No tempo do São João tornou-se impossível visitar os arrabaldes, passar nos largos e observar as quadrilhas matutas repetindo o dançar ritmado das cortes européias. Muito pior se o penitente saudosista, mesmo de carro, desejar conferir as fogueiras de Santo Amaro e os fogos coloridos que enfeitavam os céus da cidade vindos do Clube Português, onde muitos não podiam entrar, mas podiam ver, das calçadas do Parque Amorim, a beleza espraiada nos ares, dando cor à paz. As antigas carroças puxadas a cavalo, que traziam os noivos em noites assim, não circulam mais antecedendo o préstito e os pares estão desfeitos, separados para todo o sempre, pairam nas nuvens das recordações, como se fossem fantasmas de muitas lembranças.
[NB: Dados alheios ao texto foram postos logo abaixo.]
(* Every normal algebra of differentiable functions $\mathcal V$ is an extension of $R_\ell$; that is, it contains elements $u_i^{(n)}$ ($i\in I$, $n\in\mathbb Z_+$) with $\frac{\partial u_i^{(n)}}{\partial u_j^{(m)}}=\delta_{ij}\delta_{mn}$ for all $i,j,m,n$, which can moreover be chosen so that $\partial u_i^{(n)}=u_i^{(n+1)}$.
   Context: $\mathbb F$ field of characteristic 0, $I=\{1,\dots,\ell\}$. An algebra of differentiable functions is a unital commutative associative algebra $\mathcal V$ with a derivation $\partial$ and commuting derivations $\frac{\partial}{\partial u_i^{(n)}}$, only finitely many nonzero on each element, with $[\frac{\partial}{\partial u_i^{(n)}},\partial]=\frac{\partial}{\partial u_i^{(n-1)}}$ (zero if $n=0$). $R_\ell=\mathbb F[u_i^{(n)}]$ with $\partial u_i^{(n)}=u_i^{(n+1)}$. $\mathcal V_{n,i}=\{f:\frac{\partial f}{\partial u_j^{(m)}}=0$ for $(m,j)>(n,i)$ lexicographically$\}$, $\mathcal V_{n,0}=\mathcal V_{n-1,\ell}$. $\mathcal V$ is normal if $\frac{\partial}{\partial u_i^{(n)}}(\mathcal V_{n,i})=\mathcal V_{n,i}$ for all $i\in I,n\in\mathbb Z_+$. *)

From HB Require Import structures.
From mathcomp Require Import all_boot all_order all_algebra.
Set Implicit Arguments. Unset Strict Implicit. Unset Printing Implicit Defensive.
Import GRing.Theory.
Local Open Scope ring_scope.

Definition is_derivation (F : fieldType) (V : comAlgType F) (D : V -> V) : Prop :=
  (forall x y : V, D (x + y) = D x + D y) /\
  (forall (a : F) (x : V), D (a *: x) = a *: D x) /\
  (forall x y : V, D (x * y) = D x * y + x * D y).

(* Algebra of differentiable functions in l variables u_i (i : 'I_l, the index
   set I = {1..l} shifted to {0..l-1}): D is the derivation \partial and
   d i n is the partial derivative \partial / \partial u_i^{(n)}. *)
Definition is_alg_diff_fun (F : fieldType) (V : comAlgType F) (l : nat)
    (D : V -> V) (d : 'I_l -> nat -> V -> V) : Prop :=
  is_derivation D /\
  (forall i n, is_derivation (d i n)) /\
  (forall i n j m (f : V), d i n (d j m f) = d j m (d i n f)) /\
  (forall f : V, exists s : seq ('I_l * nat),
      forall i n, d i n f != 0 -> (i, n) \in s) /\
  (forall i n (f : V),
      d i n (D f) - D (d i n f) =
      match n with 0%N => 0 | n'.+1 => d i n' f end).

Definition Vni (F : fieldType) (V : comAlgType F) (l : nat)
    (d : 'I_l -> nat -> V -> V) (n : nat) (i : 'I_l) (f : V) : Prop :=
  forall (j : 'I_l) (m : nat),
    ((n < m)%N || ((m == n) && (i < j)%N)) -> d j m f = 0.

Definition is_normal (F : fieldType) (V : comAlgType F) (l : nat)
    (d : 'I_l -> nat -> V -> V) : Prop :=
  forall (i : 'I_l) (n : nat),
    (forall f, Vni d n i f -> Vni d n i (d i n f)) /\
    (forall g, Vni d n i g -> exists f, Vni d n i f /\ d i n f = g).

(* Starting from a preimage of 1 under
   d_{i,0} inside V_{0,i}, one kills its derivatives d_{r,0} for r = i-1, ..., 0
   one at a time, each time subtracting a d_{r,0}-preimage (again by normality)
   of the current d_{r,0}-derivative.  The result is a u_i^{(0)} with
   d_{j,m} u_i^{(0)} = delta_{ij} delta_{0m}; setting u_i^{(n)} = D^n u_i^{(0)},
   the relation [d_{j,m}, D] = d_{j,m-1} propagates the Kronecker deltas. *)

From HB Require Import structures.
From mathcomp Require Import all_boot all_order all_algebra.
Set Implicit Arguments. Unset Strict Implicit. Unset Printing Implicit Defensive.
Import GRing.Theory.
Local Open Scope ring_scope.

Section Derivation.
Variables (F : fieldType) (V : comAlgType F) (D : V -> V).
Hypothesis D_der : is_derivation D.

Lemma derivation0 : D 0 = 0.
Proof.
have [D_add _] := D_der.
by apply/(addIr (D 0)); rewrite -D_add !add0r.
Qed.

Lemma derivation1 : D 1 = 0.
Proof.
have [_ [_ D_mul]] := D_der.
apply/(addIr (D 1)); rewrite add0r.
by have := D_mul 1 1; rewrite !mulr1 mul1r.
Qed.

Lemma derivationB (x y : V) : D (x - y) = D x - D y.
Proof.
have [D_add _] := D_der.
have D_opp : D (- y) = - D y.
  by apply/(addIr (D y)); rewrite -D_add !addNr derivation0.
by rewrite D_add D_opp.
Qed.

Lemma derivation_if (b : bool) : D (if b then 1 else 0) = 0.
Proof. by case: b; [exact: derivation1 | exact: derivation0]. Qed.

End Derivation.

Section AlgebraOfDifferentiableFunctions.
Variables (F : fieldType) (V : comAlgType F) (l : nat).
Variable d : 'I_l -> nat -> V -> V.
Hypothesis d_der : forall i n, is_derivation (d i n).
Hypothesis d_comm : forall i n j m f, d i n (d j m f) = d j m (d i n f).

Definition partial_coordinate (i : 'I_l) (k : nat) (f : V) : Prop :=
  [/\ Vni d 0 i f, d i 0 f = 1 & forall j : 'I_l, (k <= j < i)%N -> d j 0 f = 0].

Section Normal.
Hypothesis d_normal : is_normal d.

Lemma partial_coordinate_top (i : 'I_l) : exists f, partial_coordinate i i f.
Proof.
have [_ d_onto] := d_normal i 0%N.
have [f [Vf f1]] : exists f, Vni d 0 i f /\ d i 0 f = 1.
  by apply: d_onto => j m _; exact: derivation1.
by exists f; split=> // j /andP[/leq_ltn_trans lt_ij /lt_ij]; rewrite ltnn.
Qed.

Lemma Vni_partial_coordinate (i r : 'I_l) (f : V) :
  (r < i)%N -> partial_coordinate i r.+1 f -> Vni d 0 r (d r 0 f).
Proof.
move=> lt_ri [Vf f1 fz] j m /orP[m_gt0 | /andP[/eqP m0 lt_rj]].
  by rewrite d_comm Vf ?m_gt0 // derivation0.
rewrite m0 d_comm; case: (ltngtP j i) => [lt_ji | lt_ij | /val_inj ->].
- by rewrite fz ?lt_rj ?lt_ji // derivation0.
- by rewrite Vf ?lt_ij ?orbT // derivation0.
- by rewrite f1 derivation1.
Qed.

Lemma partial_coordinate_lower (i r : 'I_l) (f : V) :
  (r < i)%N -> partial_coordinate i r.+1 f -> exists g, partial_coordinate i r g.
Proof.
move=> lt_ri fP; have [Vf f1 fz] := fP.
have [_ d_onto] := d_normal r 0%N.
have [h [Vh h1]] := d_onto _ (Vni_partial_coordinate lt_ri fP).
exists (f - h); split.
- move=> j m jm; rewrite derivationB // Vf // Vh ?subr0 //.
  by case/orP: jm => [-> // | /andP[-> /(ltn_trans lt_ri) ->]]; rewrite orbT.
- by rewrite derivationB // f1 Vh ?subr0 // lt_ri orbT.
- move=> j /andP[]; rewrite leq_eqVlt => /orP[/eqP/val_inj <- _ | lt_rj lt_ji].
    by rewrite derivationB // h1 subrr.
  by rewrite derivationB // fz ?lt_rj // Vh ?subr0 // lt_rj orbT.
Qed.

Lemma partial_coordinate_exists (i : 'I_l) : exists f, partial_coordinate i 0 f.
Proof.
suff /(_ i) : forall t, exists f, partial_coordinate i (i - t) f by rewrite subnn.
elim=> [|t [f fP]]; first by rewrite subn0; exact: partial_coordinate_top.
rewrite subnS; case Ek: (i - t)%N fP => [|k] fP; first by exists f.
have lt_ki : (k < i)%N by rewrite -Ek leq_subr.
exact: (@partial_coordinate_lower i (Ordinal (ltn_trans lt_ki (ltn_ord i))) f).
Qed.

End Normal.

Lemma partial_coordinate_delta (i : 'I_l) (f : V) : partial_coordinate i 0 f ->
  forall j m, d j m f = if (i == j) && (0%N == m) then 1 else 0.
Proof.
move=> [Vf f1 fz] j [|m]; last by rewrite Vf ?andbF.
rewrite andbT; case: eqVneq => [<- // | neq_ij].
case: (ltngtP j i) => [lt_ji | lt_ij | /val_inj eq_ji].
- by rewrite fz ?lt_ji.
- by rewrite Vf ?lt_ij ?orbT.
- by rewrite eq_ji eqxx in neq_ij.
Qed.

Variable D : V -> V.
Hypothesis D_der : is_derivation D.
Hypothesis d_D_comm : forall i n f,
  d i n (D f) - D (d i n f) = match n with 0%N => 0 | n'.+1 => d i n' f end.

Lemma delta_derivation (i : 'I_l) (n : nat) (f : V) :
  (forall j m, d j m f = if (i == j) && (n == m) then 1 else 0) ->
  forall j m, d j m (D f) = if (i == j) && (n.+1 == m) then 1 else 0.
Proof.
move=> f_delta j m; have := d_D_comm j m f.
rewrite f_delta derivation_if // subr0 => ->.
by case: m => [|m]; rewrite ?andbF // f_delta.
Qed.

End AlgebraOfDifferentiableFunctions.

Theorem proposition4p3 (F : fieldType) (charF0 : [pchar F] =i pred0)
    (V : comAlgType F) (l : nat) (D : V -> V) (d : 'I_l -> nat -> V -> V) :
  is_alg_diff_fun D d -> is_normal d ->
  exists u : 'I_l -> nat -> V,
    (forall (i j : 'I_l) (n m : nat),
        d j m (u i n) = if (i == j) && (n == m) then 1 else 0) /\
    (forall (i : 'I_l) (n : nat), D (u i n) = u i n.+1).
Proof.
move=> [D_der [d_der [d_comm [_ d_D_comm]]]] d_normal.
have [u0 u0P] := fin_all_exists (partial_coordinate_exists d_der d_comm d_normal).
exists (fun i n => iter n D (u0 i)); split=> // i + n.
elim: n => [|n IHn]; first exact: partial_coordinate_delta (u0P i).
by rewrite iterS; exact (delta_derivation D_der d_D_comm IHn).
Qed.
Sequer há retretas em palanquins de subúrbios!
As brincadeiras de meio de rua, o pega e o pega-soltou, o queimado e a academia estão proibidas às crianças. Empinar papagaio e jogar uma pelada são atividades tangidas do imaginário infantil, mais do que ocupado com a Internet e os desenhos da televisão. Ninguém sai de casa para apanhar manga, tirar oiti e recolher cajá ou a azeitona caída do pé! O velocípede circula na sala dos apartamentos e de bicicleta não se vai ao colégio, tampouco a passeio nos entornos da moradia onde estava, recatada e reclusa, a musa da adolescência. As alamedas do parque 13 de Maio vivem um silêncio que assusta os antigos amantes. Nem o senhor bem cuidado, de carro importado, da marca Skoda, com a mão esquerda estirada pra fora da janela, a tirar a aliança da denúncia, teria mais coragem de cortejar a jovem de longos cabelos, lisos e negros!
Sou do tempo do ladrão de galinhas e do batedor de carteiras! Tenho saudades do tudo, das cadeiras no portão e das casas escancaradas, dos retornos em grupo pelas ruas do Recife, de antigos saraus e dos aniversários domésticos, dos assustados e das festas de bairro. Sou assim!